# Is it possible to negotiate salary between job offer and acceptance?



## iamcanjim (Jul 26, 2013)

I am sure this has been asked before. I have been offered a teaching job, but the salary (12,800 + free 2 bedroom apt) (in Sharjah) seems a bit low. I have 13 years experience and certification, but only a Bachelors. 
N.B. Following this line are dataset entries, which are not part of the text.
Lemma trunc_ts_is_ts : abelian G -> is_transfer_system G trunc_ts.
Proof.
move=> abG; apply: abelian_transfer_system => //.
- by move=> A; rewrite inE => /andP[].
- by move=> H sHG; rewrite inE /is_arrow subxx sHG eqxx.
- move=> H K L HKT KLT.
  case: (eqVneq H K) => [-> // | nHK]; case: (eqVneq K L) => [<- // | nKL].
  move: (HKT) (KLT); rewrite !inE /is_arrow /=.
  move=> /andP[/andP[sHK sKG] _] /andP[/andP[sKL sLG] _].
  rewrite (subset_trans sHK sKL) sLG /=.
  have rHK := rk_lt sHK sKG nHK.
  case: (trunc_ts_weight KLT nKL) => [wKL | [S0KL wKL _]]; rewrite /weight /= in wKL *.
    by rewrite (leq_trans _ wKL) ?orbT // ltn_add2r.
  case: (comp_weight rHK wKL) => [-> | [-> rKH]]; first by rewrite orbT.
  suff -> : cover_factor (H, L) by rewrite eqxx /= !orbT.
  by apply/existsP; exists K; rewrite /= sHK rKH eqxx S0KL.
- move=> H K L HKT sLK; have := HKT; rewrite inE => /andP[/andP[sHK sKG] _].
  case: (eqVneq L K) sLK => [-> _ | nLK sLK].
    by rewrite (_ : (H :&: K)%G = H) //; apply: val_inj; apply/setIidPl.
  rewrite inE /is_arrow /= subsetIr (subset_trans sLK sKG) /=.
  case: (eqVneq (H :&: L)%G L) => //= nHL_L.
  have nHK : H != K.
    by apply: contra_neq nHL_L => eHK; apply: val_inj; rewrite /= eHK; apply/setIidPr.
  have sLG := subset_trans sLK sKG.
  have rHL_L := rk_lt (subsetIr H L) sLG nHL_L.
  have rHL_H := rk_le (subsetIl H L) (subset_trans sHK sKG).
  have rLK := rk_lt sLK sKG nLK.
  have wHK : rk H + rk K <= W \/ rk H + rk K = W.+1 /\ rk K = (rk H).+1.
    by case: (trunc_ts_weight HKT nHK) => [w | [_ w r]]; [left | right].
  by rewrite /weight /= (restr_weight rHL_H rHL_L rLK wHK).
Qed.

End Truncation.
End TransferSystems.

Definition mgs_coords (m a h1 h2 k1 k2 : nat) : bool :=
  [|| (h1, h2, k1, k2) == (a, m, a + 1, m),
      (h1, h2, k1, k2) == (m + a, 0, m + a, 1),
      (h1, h2, k1, k2) == (m + a, 0, m + a + 1, 0) |
      ((h1, h2, k1, k2) != (m + a - 1, 0, m + a + 1, 0)) &&
        (h1 + h2 + (k1 + k2) == 2 * (m + a))].
Lemma is_derive_0_eq (h : R -> R) : (forall t, is_derive h t 0) -> forall a b, h a = h b.
Proof.
  intros Hd.
  assert (Hle : forall a b, a < b -> h a = h b).
  { intros a b Hab.
    destruct (MVT_is_derive h (fun _ => 0) a b Hab (fun t _ => Hd t)
      (fun t _ => is_derive_continuity_pt h t 0 (Hd t))) as [c [_ Hm]]. lra. }
  intros a b. destruct (Rtotal_order a b) as [H|[H|H]]; [auto|congruence|].
  symmetry. auto.
Qed.

Lemma constant_is_derive_0 (h : R -> R) t l : (forall s, h s = h 0) -> is_derive h t l -> l = 0.
Proof.
  intros Hc Hd. apply (is_derive_unique h t l) in Hd. rewrite <- Hd.
  apply is_derive_unique, (is_derive_ext (fun _ => h 0)); [auto|auto_derive; auto].
Qed.

Lemma is_derive_max_0 h t0 l : is_derive h t0 l -> (forall t, h t <= h t0) -> l = 0.
Proof.
  intros Hd Hm. assert (pr : derivable_pt h t0) by (exists l; now apply is_derive_Reals).
  rewrite <- (derive_pt_eq_0 h t0 l pr) by now apply is_derive_Reals.
  apply (deriv_maximum h (t0 - 1) (t0 + 1)); auto; lra.
Qed.

Lemma is_derive_min_0 h t0 l : is_derive h t0 l -> (forall t, h t0 <= h t) -> l = 0.
Proof.
  intros Hd Hm. assert (pr : derivable_pt h t0) by (exists l; now apply is_derive_Reals).
  rewrite <- (derive_pt_eq_0 h t0 l pr) by now apply is_derive_Reals.
  apply (deriv_minimum h (t0 - 1) (t0 + 1)); auto; lra.
Qed.

Lemma last_nonneg_before (F : R -> R) a b : a <= b ->
  (forall s, a <= s <= b -> continuity_pt F s) -> 0 <= F a -> F b < 0 ->
  exists m, a <= m < b /\ 0 <= F m /\ forall s, m < s <= b -> F s < 0.
Proof.
  intros Hab Hc Ha Hb.
  set (E := fun s => a <= s <= b /\ 0 <= F s).
  assert (HE : bound E) by (exists b; intros s [Hs _]; lra).
  destruct (completeness E HE (ex_intro _ a (conj (conj (Rle_refl a) Hab) Ha)))
    as [m [Hub Hlub]].
  assert (Ham : a <= m) by (apply Hub; split; [lra|auto]).
  assert (Hmb : m <= b) by (apply Hlub; intros s [Hs _]; lra).
  assert (Hafter : forall s, m < s <= b -> F s < 0).
  { intros s Hs. destruct (Rlt_le_dec (F s) 0) as [h|h]; [exact h|].
    assert (s <= m) by (apply Hub; split; [lra|auto]). lra. }
  assert (HFm : 0 <= F m).
  { destruct (Rle_lt_dec 0 (F m)) as [h|h]; [exact h|exfalso].
    destruct (Hc m (conj Ham Hmb) (- F m) ltac:(lra)) as [d [Hd Hnear]].
    enough (Hub' : is_upper_bound E (m - d / 2)) by (specialize (Hlub _ Hub'); lra).
    intros s [Hs Hs0]. destruct (Rle_lt_dec s (m - d / 2)) as [ok|Hsd]; [exact ok|].
    assert (Hsm : s <= m) by (apply Hub; split; auto).
    destruct (Req_dec s m) as [->|Hne]; [lra|].
    assert (Hsd' : Rabs (s - m) < d) by (apply Rabs_def1; lra).
    specialize (Hnear s (conj (conj I (not_eq_sym Hne)) Hsd')).
    simpl in Hnear. unfold R_dist in Hnear. apply Rabs_def2 in Hnear. lra. }
  assert (m <> b) by (intros ->; lra).
  exists m. repeat split; auto; lra.
Qed.
Lemma Gamma_mod_elem (F : int -> 'M[int]_2) :
  ~ (exists k : nat, (2 <= k)%N /\ in_progression A k) ->
  (forall s t, F s *m F t = F (s + t)) -> F 0 = 1%:M -> mx_congr q (F q%:Z) 1%:M ->
  (forall a c, A a -> A c -> Gamma_mod (F (a%:Z - c%:Z))) ->
  forall t, Gamma_mod (F t).
Proof.
move=> notAP FD F0 Fq Fdiff.
have [a0 Aa0] : exists a0, A a0.
  apply: contrapT => noA; apply: notAP; exists 2%N; split=> //.
  by exists 0 => a Aa; case: noA; exists a.
have [|s t Ss St|d d_gt0 Sd] := @int_subgroup_dvdz (fun t => Gamma_mod (F t)) q q_gt0.
- exact: Gamma_mod_congr (Gamma_mod1 Aa0) (mx_congr_sym Fq).
- rewrite -FD; apply: Gamma_modM Ss (Gamma_modV St _).
  by rewrite FD subrr F0.
have d_eq1 : d = 1%N.
  apply/eqP; rewrite eqn_leq d_gt0 andbT leqNgt; apply/negP => d_gt1.
  apply: notAP; exists d; split=> //; exists a0%:Z => a Aa.
  by apply/eqP; rewrite eqz_mod_dvd; apply/Sd/Fdiff.
by move=> t; apply/Sd; rewrite d_eq1 dvd1z.
Qed.

End GammaModq.

Section SL2ModGenerated.
Variables (q : nat) (P : 'M[int]_2 -> Prop).
Hypotheses (PM : forall M N, P M -> P N -> P (M *m N))
  (P_congr : forall M N, P M -> mx_congr q M N -> P N)
  (P_elemU : forall t, P (elemU t)) (P_elemL : forall t, P (elemL t)).

Lemma SL2_mod_lower a c d : (a * d = 1 %[mod q])%Z -> P (mx2 a 0 c d).
Proof.
move=> /eqP; rewrite eqz_mod_dvd => /dvdzP [k ad1].
(* Right multiplication by Y makes [mx2 a 0 c d] elementary up to a multiple of a d - 1. *)
pose Y := elemU d *m elemL (1 - a) *m elemU (- (a * d)).
pose X := elemU (a * d) *m elemL (a - 1) *m elemU (- d).
have YX : Y *m X = 1%:M by rewrite /Y /X /elemU /elemL !mulmx_mx2 mx2_1; congr mx2; ring.
have -> : mx2 a 0 c d = mx2 a 0 c d *m Y *m X by rewrite -mulmxA YX mulmx1.
apply: PM; last by apply: PM; [apply: PM|].
pose D := mx2 (1 - a) (a * d * (a - 1)) 0 (1 + (1 + c) * d * (a - 1)).
have -> : mx2 a 0 c d *m Y =
    elemL (c * (1 + d - a * d) + d * (1 - a)) + ((a * d - 1) *: D).
  rewrite /Y /D /elemU /elemL !mulmx_mx2; apply/matrixP => i j; rewrite !mxE.
  by case: (ord2P i) => ->; case: (ord2P j) => -> /=; ring.
by rewrite ad1; apply: P_congr (P_elemL _) _; apply/mx_congr_sym/mx_congr_addZ.
Qed.

Lemma SL2_mod_generated M : (\det M = 1 %[mod q])%Z -> P M.
Proof.
have [n] := ubnP (absz (M 0 1)); elim: n M => // n IH M.
rewrite [M]mx2_eta; move: (M 0 0) (M 0 1) (M 1 0) (M 1 1) => a b c d lt_b.
have [-> | b_neq0] := eqVneq b 0.
  by rewrite det_mx2 mul0r subr0 => /SL2_mod_lower.
move=> detM.
pose s := - (a %/ b)%Z.
pose J : 'M[int]_2 := mx2 0 1 (-1) 0; pose J' : 'M[int]_2 := mx2 0 (-1) 1 0.
have JJ' : J *m J' = 1%:M by rewrite mulmx_mx2 mx2_1; congr mx2; ring.
have LL' : elemL s *m elemL (- s) = 1%:M by rewrite elemLD subrr elemL0.
have -> : mx2 a b c d = mx2 a b c d *m elemL s *m J *m (J' *m elemL (- s)).
  by rewrite !mulmxA -[_ *m J *m J']mulmxA JJ' mulmx1 -mulmxA LL' mulmx1.
apply: PM; last first.
  have -> : J' = elemU (-1) *m elemL 1 *m elemU (-1).
    by rewrite /elemU /elemL !mulmx_mx2; congr mx2; ring.
  by apply: PM => //; apply: PM => //; apply: PM.
have -> : mx2 a b c d *m elemL s *m J = mx2 (- b) (a %% b)%Z (- d) (c + d * s).
  by rewrite /elemL /J !mulmx_mx2 /modz /s; congr mx2; ring.
apply: IH; last first.
  suff -> : \det (mx2 (- b) (a %% b)%Z (- d) (c + d * s)) = \det (mx2 a b c d) by [].
  by rewrite !det_mx2 /modz /s; ring.
have lt_mod : (`|(a %% b)%Z| < `|b|)%N.
  by rewrite -ltz_nat gez0_abs ?modz_ge0 // abszE ltz_mod.
by rewrite mxE /=; apply: leq_trans lt_mod _; rewrite -ltnS; move: lt_b; rewrite mxE.
Qed.

End SL2ModGenerated.

Theorem theoremB1 (A : nat -> Prop) (hA : forall a, A a -> (0 < a)%N) :
  ~ everywhere_strong_approx A ->
  exists k : nat, (2 <= k)%N /\
    exists r : int, forall a, A a -> (a%:Z = r %[mod k%:Z])%Z.
Proof.
move=> not_approx; apply: contrapT => notAP; apply: not_approx => q q_gt0.
split=> [g /det_GammaA -> // | M detM].
have elemU_mod := Gamma_mod_elem q_gt0 notAP (@elemUD _) (elemU0 _).
have elemL_mod := Gamma_mod_elem q_gt0 notAP (@elemLD _) (elemL0 _).
have period : (q%:Z = 0 %[mod q])%Z by rewrite modzz mod0z.
apply: (SL2_mod_generated (P := Gamma_mod A q)) detM.
- exact: Gamma_modM.
- exact: Gamma_mod_congr.
- apply: elemU_mod; last exact: Gamma_mod_elemU_diff.
  by rewrite mx2_1; apply: mx_congr_mx2.
- apply: elemL_mod; last exact: Gamma_mod_elemL_diff.
  by rewrite mx2_1; apply: mx_congr_mx2.
Qed.
(* Let $\mathbf{F}$ be a Baire foliage tree on a topological space $X$ and let $A\subseteq X$ be at most countable. Then there is a Baire foliage tree $\mathbf{H}$ on the subspace $X\setminus A$ such that for every $p\in X\setminus A$ there is a strictly increasing function $f_p:\omega\to\omega$ with $$\{2n+1: n\in\omega\text{ and }f_p(n)\in\mathrm{rise}_{\mathbf{F}}(p,U)\}\subseteq\mathrm{rise}_{\mathbf{H}}(p,U\setminus A)$$ for all neighbourhoods $U$ of $p$ in $X$.
   Context: Neighbourhoods are not necessarily open. $\omega=\{0,1,2,\dots\}$, ${}^{<\omega}\omega$ is the set of finite sequences of natural numbers. A tree is a strict partial order in which the set of predecessors of every node is well-ordered; $\mathrm{height}(x)$ is the ordinal isomorphic to the set of predecessors of $x$; a branch is a maximal chain; $\mathrm{sons}(x)$ is the set of immediate successors of $x$; $0$ denotes the least node. A foliage tree is a pair $\mathbf{F}=(T,l)$ with $T$ a tree (skeleton) and $l$ a function on its nodes, $\mathbf{F}_x:=l(x)$; tree notions apply via the skeleton. $\mathrm{shoot}_{\mathbf{F}}(v)=\{\bigcup_{x\in C}\mathbf{F}_x: C\text{ a cofinite subset of }\mathrm{sons}_{\mathbf{F}}(v)\}$; $\mathrm{scope}_{\mathbf{F}}(p)=\{x:p\in\mathbf{F}_x\}$. For families $\gamma,\delta$ of sets, $\gamma\gg\delta$ means every nonempty $D\in\delta$ contains some nonempty $G\in\gamma$. $\mathrm{rise}_{\mathbf{F}}(p,U)=\{\mathrm{height}_{\mathbf{F}}(v): v\in\mathrm{scope}_{\mathbf{F}}(p),\ \mathrm{shoot}_{\mathbf{F}}(v)\gg\{U\}\}$. $\mathbf{F}$ is locally strict if each non-maximal leaf $\mathbf{F}_x$ is the disjoint union of $\mathbf{F}_s$, $s\in\mathrm{sons}(x)$; has strict branches if it has a node and for each branch $B$, $\bigcap_{x\in B}\mathbf{F}_x$ is a singleton; is open in $X$ if all leaves are open in $X$; is a foliage $\omega,\omega$-tree if its skeleton is order-isomorphic to $({}^{<\omega}\omega,\subsetneq)$. A Baire foliage tree on $X$ is an open in $X$, locally strict foliage $\omega,\omega$-tree with strict branches and $\mathbf{F}_{0_{\mathbf{F}}}=X$. *)

From HB Require Import structures.
From mathcomp Require Import all_boot all_order.
From mathcomp Require Import boolp classical_sets functions cardinality topology.
Set Implicit Arguments.
Unset Strict Implicit.
Unset Printing Implicit Defensive.
Local Open Scope classical_set_scope.
(* Let $n\ge1$ and let $\mathcal{ORCT}_n$ be the semigroup of all full contractions of $[n]=\{1,\dots,n\}$ that are either order-preserving or order-reversing. Let $\textnormal{Reg}(\mathcal{ORCT}_n)$ be the set of regular elements of $\mathcal{ORCT}_n$. Then $$|\textnormal{Reg}(\mathcal{ORCT}_n)|=\frac{n(n-1)(2n-1)+6n}{3}-n.$$
   Context: $\mathcal{T}_n$ is the semigroup (under composition) of all maps $[n]\to[n]$. A map $\alpha\in\mathcal{T}_n$ is a contraction if $|x\alpha-y\alpha|\le |x-y|$ for all $x,y\in[n]$; it is order-preserving if $x\le y$ implies $x\alpha\le y\alpha$, and order-reversing if $x\le y$ implies $x\alpha\ge y\alpha$. $\mathcal{ORCT}_n$ is the set of contractions in $\mathcal{T}_n$ that are order-preserving or order-reversing; it is a subsemigroup of $\mathcal{T}_n$. An element $\alpha\in\mathcal{ORCT}_n$ is regular if there is $\beta\in\mathcal{ORCT}_n$ with $\alpha\beta\alpha=\alpha$. *)

From mathcomp Require Import all_boot.
Set Implicit Arguments. Unset Strict Implicit. Unset Printing Implicit Defensive.

(* [n] = {1,...,n} is modelled by 'I_n = {0,...,n-1} (a shift, irrelevant for
   distances and order).  Full transformations T_n are {ffun 'I_n -> 'I_n}. *)

Definition ndist (a b : nat) : nat := maxn a b - minn a b.

Definition contraction n (f : {ffun 'I_n -> 'I_n}) : bool :=
  [forall x : 'I_n, forall y : 'I_n, ndist (f x) (f y) <= ndist x y].

Definition order_preserving n (f : {ffun 'I_n -> 'I_n}) : bool :=
  [forall x : 'I_n, forall y : 'I_n, (x <= y) ==> (f x <= f y)].

Definition order_reversing n (f : {ffun 'I_n -> 'I_n}) : bool :=
  [forall x : 'I_n, forall y : 'I_n, (x <= y) ==> (f y <= f x)].

Definition ORCT n (f : {ffun 'I_n -> 'I_n}) : bool :=
  contraction f && (order_preserving f || order_reversing f).

(* product alpha*beta in the paper's right-action convention: x(ab) = (xa)b *)
Definition tmul n (a b : {ffun 'I_n -> 'I_n}) : {ffun 'I_n -> 'I_n} :=
  [ffun x => b (a x)].

Definition regular_ORCT n (a : {ffun 'I_n -> 'I_n}) : bool :=
  ORCT a && [exists b, ORCT b && (tmul (tmul a b) a == a)].

(* An order-preserving regular element a of ORCT_n is a ramp: constant c up to
   some p, then rising by one at each step until it reaches c + d, then constant.
   Indeed, if a b a = a with b a contraction, then b sends a u to a point <= u when
   a rises at u, and a (w + 1) to a point >= w + 1 when a rises at w; as b cannot
   stretch distances, a rises at every step between two rising steps.  Conversely
   each ramp is regular, the ramp with p and c exchanged being an inverse.  The
   nonconstant ramps are indexed by k = n - d and p, c < k, so there are
   n + sum_(k < n) k^2 regular order-preserving elements; composing with
   x |-> n - 1 - x matches them with the order-reversing ones, and both families
   share exactly the n constant maps.  Hence |Reg| = 2 (n + sum_(k < n) k^2) - n. *)

From mathcomp Require Import all_boot zify.
Set Implicit Arguments. Unset Strict Implicit. Unset Printing Implicit Defensive.

Definition ramp (p c d x : nat) : nat := minn (maxn (x + c - p) c) (c + d).

Lemma ramp0 p c d : ramp p c d 0 = c.
Proof. rewrite /ramp; lia. Qed.

Lemma ramp_flat p c d x : x <= p -> ramp p c d x = c.
Proof. rewrite /ramp; lia. Qed.

Lemma ramp_top p c d x : p + d <= x -> ramp p c d x = c + d.
Proof. rewrite /ramp; lia. Qed.

Lemma ramp_first_rise p c d : 0 < d -> ramp p c d p.+1 = c.+1.
Proof. rewrite /ramp; lia. Qed.

Lemma ramp_inj m p c d p' c' d' :
    0 < d -> p + d <= m -> 0 < d' -> p' + d' <= m ->
    (forall x, x <= m -> ramp p c d x = ramp p' c' d' x) ->
  [/\ p = p', c = c' & d = d'].
Proof.
move=> d_gt0 le_pdm d'_gt0 le_pdm' eq_ramp.
have eq_c : c = c' by have := eq_ramp 0 (leq0n m); rewrite !ramp0.
have eq_d : d = d'.
  by have := eq_ramp m (leqnn m); rewrite !ramp_top // eq_c => /addnI.
split=> //; subst c' d'.
have [ltpp'|ltp'p|//] := ltngtP p p'.
  by have := eq_ramp p.+1 ltac:(lia); rewrite ramp_first_rise // ramp_flat //; lia.
by have := eq_ramp p'.+1 ltac:(lia); rewrite ramp_first_rise // ramp_flat //; lia.
Qed.

Lemma ramp_mono p c d x y : x <= y -> ramp p c d x <= ramp p c d y.
Proof. rewrite /ramp; lia. Qed.

Lemma ramp_lip p c d x y : x <= y -> ramp p c d y <= ramp p c d x + (y - x).
Proof. rewrite /ramp; lia. Qed.
Lemma is_Dk_witness (G : zmodType) k d (w : seq G) : 0 < d ->
  Dk_bound G k d -> size w = d.-1 -> ~ has_k_disjoint_zs k w -> is_Dk G k d.
Proof.
move=> d_gt0 Dd size_w not_zs_w; split=> // l Dl; rewrite leqNgt.
by apply/negP => lt_l_d; apply/not_zs_w/Dl; rewrite size_w -ltnS prednK.
Qed.

Section Bitvec.
Local Open Scope ring_scope.

Definition bitvec (n : nat) : C2_4 := \row_(i < 4) (Nat.testbit n i)%:R.

Definition bitvec_eqb0 (n : nat) : bool := all (fun i => ~~ Nat.testbit n i) (iota 0 4).

Lemma Z2_natr_xorb (a b : bool) : (xorb a b)%:R = a%:R + b%:R :> 'Z_2.
Proof. by case: a; case: b; apply/val_inj. Qed.

Lemma bitvec_lxor a b : bitvec (Nat.lxor a b) = bitvec a + bitvec b.
Proof. by apply/rowP => i; rewrite !mxE Nat.lxor_spec Z2_natr_xorb. Qed.

Lemma bitvec0 : bitvec 0 = 0.
Proof. by apply/rowP => i; rewrite !mxE Nat.bits_0. Qed.

Lemma bitvec_eq0 n : (bitvec n == 0) = bitvec_eqb0 n.
Proof.
apply/eqP/allP => [/rowP bits0 i|bits0].
  rewrite mem_iota => /= lt_i4; have := bits0 (Ordinal lt_i4); rewrite !mxE.
  by case: (Nat.testbit n i) => // /(congr1 val).
apply/rowP => i; rewrite !mxE.
by have := bits0 i; rewrite mem_iota ltn_ord => /(_ isT) /negbTE ->.
Qed.

Lemma C24_addxx (x : C2_4) : x + x = 0.
Proof. by apply/rowP => i; rewrite !mxE; case: (x 0 i) => -[|[|//]] ?; apply/val_inj. Qed.

Lemma C24_oppr (x : C2_4) : - x = x.
Proof. by apply/eqP; rewrite eq_sym -addr_eq0 C24_addxx. Qed.

Definition nat_of_C24 (g : C2_4) : nat :=
  ((g ord0 (inord 0) != 0%R) + 2 * (g ord0 (inord 1) != 0%R) +
   4 * (g ord0 (inord 2) != 0%R) + 8 * (g ord0 (inord 3) != 0%R))%N.

Lemma testbit_bits4 (b0 b1 b2 b3 : bool) i : (i < 4)%N ->
  Nat.testbit (b0 + 2 * b1 + 4 * b2 + 8 * b3) i = nth false [:: b0; b1; b2; b3] i.
Proof. by case: b0; case: b1; case: b2; case: b3; case: i => [|[|[|[|]]]]. Qed.

Lemma nat_of_C24K : cancel nat_of_C24 bitvec.
Proof.
have Z2_neq0 (x : 'Z_2) : x = (x != 0)%:R by case: x => -[|[|//]] ?; apply/val_inj.
move=> g; apply/rowP => i; rewrite mxE testbit_bits4 // [RHS]Z2_neq0.
case: i => -[|[|[|[|//]]]] lt_i4;
  by congr ((g ord0 _ != 0)%:R); apply/val_inj; rewrite /= inordK.
Qed.

Lemma nat_of_C24_lt16 g : (nat_of_C24 g < 16)%N.
Proof. by rewrite /nat_of_C24; do 4 case: (_ != 0). Qed.

End Bitvec.

(* Continuations and [if] (rather than [has]
   and [||], whose arguments [vm_compute] evaluates eagerly) stop at the first success. *)
Fixpoint find_block (t : nat) (l : seq nat) (cont : seq nat -> bool) : bool :=
  if l is a :: l' then
    if find_block t l' (fun r => cont (a :: r)) then true
    else find_block (Nat.lxor t a) l' cont
  else if bitvec_eqb0 t then cont [::] else false.

(* The first term either lies in a block, which [find_block] completes, or is discarded. *)
Fixpoint zs_search (k : nat) (l : seq nat) : bool :=
  if k is k'.+1 then
    let fix search_from l :=
      if l is a :: l' then
        if find_block a l' (zs_search k') then true else search_from l'
      else false in
    search_from l
  else true.

Lemma zs_searchS k a l :
  zs_search k.+1 (a :: l) = find_block a l (zs_search k) || zs_search k.+1 l.
Proof. by []. Qed.

Lemma find_block_sound t (l : seq nat) (cont : seq nat -> bool) :
  find_block t l cont ->
  exists B R, [/\ perm_eq l (B ++ R), (bitvec t + \sum_(x <- map bitvec B) x = 0)%R
                & cont R].
Proof.
elim: l t cont => [|a l IH] t cont /=.
  case: ifP => // t0 cont0; exists [::], [::].
  by rewrite big_nil addr0; split=> //; apply/eqP; rewrite bitvec_eq0.
case: ifP => [/IH [B [R [pl sB cR]]] _|_ /IH [B [R [pl sB cR]]]].
  exists B, (a :: R); split=> //.
  by rewrite perm_sym -cat1s perm_catCA perm_cons perm_sym.
exists (a :: B), R; split; rewrite ?perm_cons //.
by rewrite big_cons addrA -bitvec_lxor.
Qed.

Lemma find_block_complete t (l : seq nat) (cont : seq nat -> bool) B R :
  perm_eq l (B ++ R) -> (bitvec t + \sum_(x <- map bitvec B) x = 0)%R ->
  (forall r, perm_eq r R -> cont r) -> find_block t l cont.
Proof.
elim: l t cont B R => [|a l IH] t cont B R /= pl sB cR.
  move/perm_size: pl sB cR; case: B => [|? ?] //; case: R => [|? ?] // _.
  by rewrite big_nil addr0 => /eqP; rewrite bitvec_eq0 => -> /(_ [::]) ->.
case/perm_cons_catP: pl => [[B' [pB pl]]|[R' [pR pl]]].
  case: ifP => // _; apply: IH pl _ cR.
  by move: sB; rewrite (perm_big _ (perm_map bitvec pB)) big_cons bitvec_lxor addrA.
rewrite (IH _ _ _ _ pl sB) // => r pr; apply: cR.
by rewrite perm_sym (perm_trans pR) // perm_cons perm_sym.
Qed.

Lemma zs_searchP k l : reflect (has_k_disjoint_zs k (map bitvec l)) (zs_search k l).
Proof.
elim: k l => [|k IHk] l; first exact/ReflectT/has_zs0.
elim: l => [|a l IHl]; first exact/ReflectF/has_zs_nil.
rewrite zs_searchS; apply: (iffP orP) => [[]|].
- case/find_block_sound => B [R [pl sB /IHk zs_R]].
  have pl' : perm_eq (map bitvec (a :: B) ++ map bitvec R) (map bitvec (a :: l)).
    by rewrite -map_cat perm_map // perm_sym /= perm_cons.
  by apply/(has_zs_perm _ pl')/has_zs_block => //; rewrite big_cons.
- by move/IHl/(has_zs_catl [:: bitvec a]).
case/has_zs_cons => [[t [u [zs_t pl zs_u]]]|/IHl]; [left | by right].
have [B [R [pBR pB pR]]] := perm_map_cat_split pl.
apply: (find_block_complete pBR); first by rewrite (perm_big _ pB).
by move=> r pr; apply/IHk/(has_zs_perm _ (perm_trans (perm_map bitvec pr) pR)).
Qed.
Would it be ok to counter-offer?


----------



## w_man (Apr 16, 2010)

Hopefully a teacher will come here and provide relevant response but as a general rule, never hurts to counter-offer. Negotiating is a way-of-life here.


----------



## ACertainRomance (Jun 21, 2013)

just to add, Sharjah is completely dry, no alcohol allowed at all if that matters to you.


----------



## iamcanjim (Jul 26, 2013)

I am a boring teetotaller, so that doesn't bother me.


----------



## vantage (May 10, 2012)

iamcanjim said:


> I am sure this has been asked before. I have been offered a teaching job, but the salary (12,800 + free 2 bedroom apt) (in Sharjah) seems a bit low. I have 13 years experience and certification, but only a Bachelors.
> 
> Would it be ok to counter-offer?


Doubt it.
Once you sign, you sign.
That said, can't hurt to try.
There are lots of teachers here, and teaching salaries tend to be fairly standardised, without a great deal of movement, I'd think.


----------



## BBmover (Jun 15, 2013)

You can always try but the school has no doubt already budgeted with incoming teaching staff etc. if the offer letter stated your salary and additional benefits it would have been more beneficial to negotiate at the time. Thats if you accepted the post already? Being offered a 2 bedroom accommodation is better than a 1 bed that is the norm. 
It also depends on what role you will be undertaking, teaching or management, and although you have teaching certification and a Bachelors a Masters can carry more leverage in negotiating. This may also be a decisive point in what salary you have been offered. 
Always try and see what they come back with then if you decide that you want to take the position on their pay scale there may be room for further negotiation for the following academic year.


----------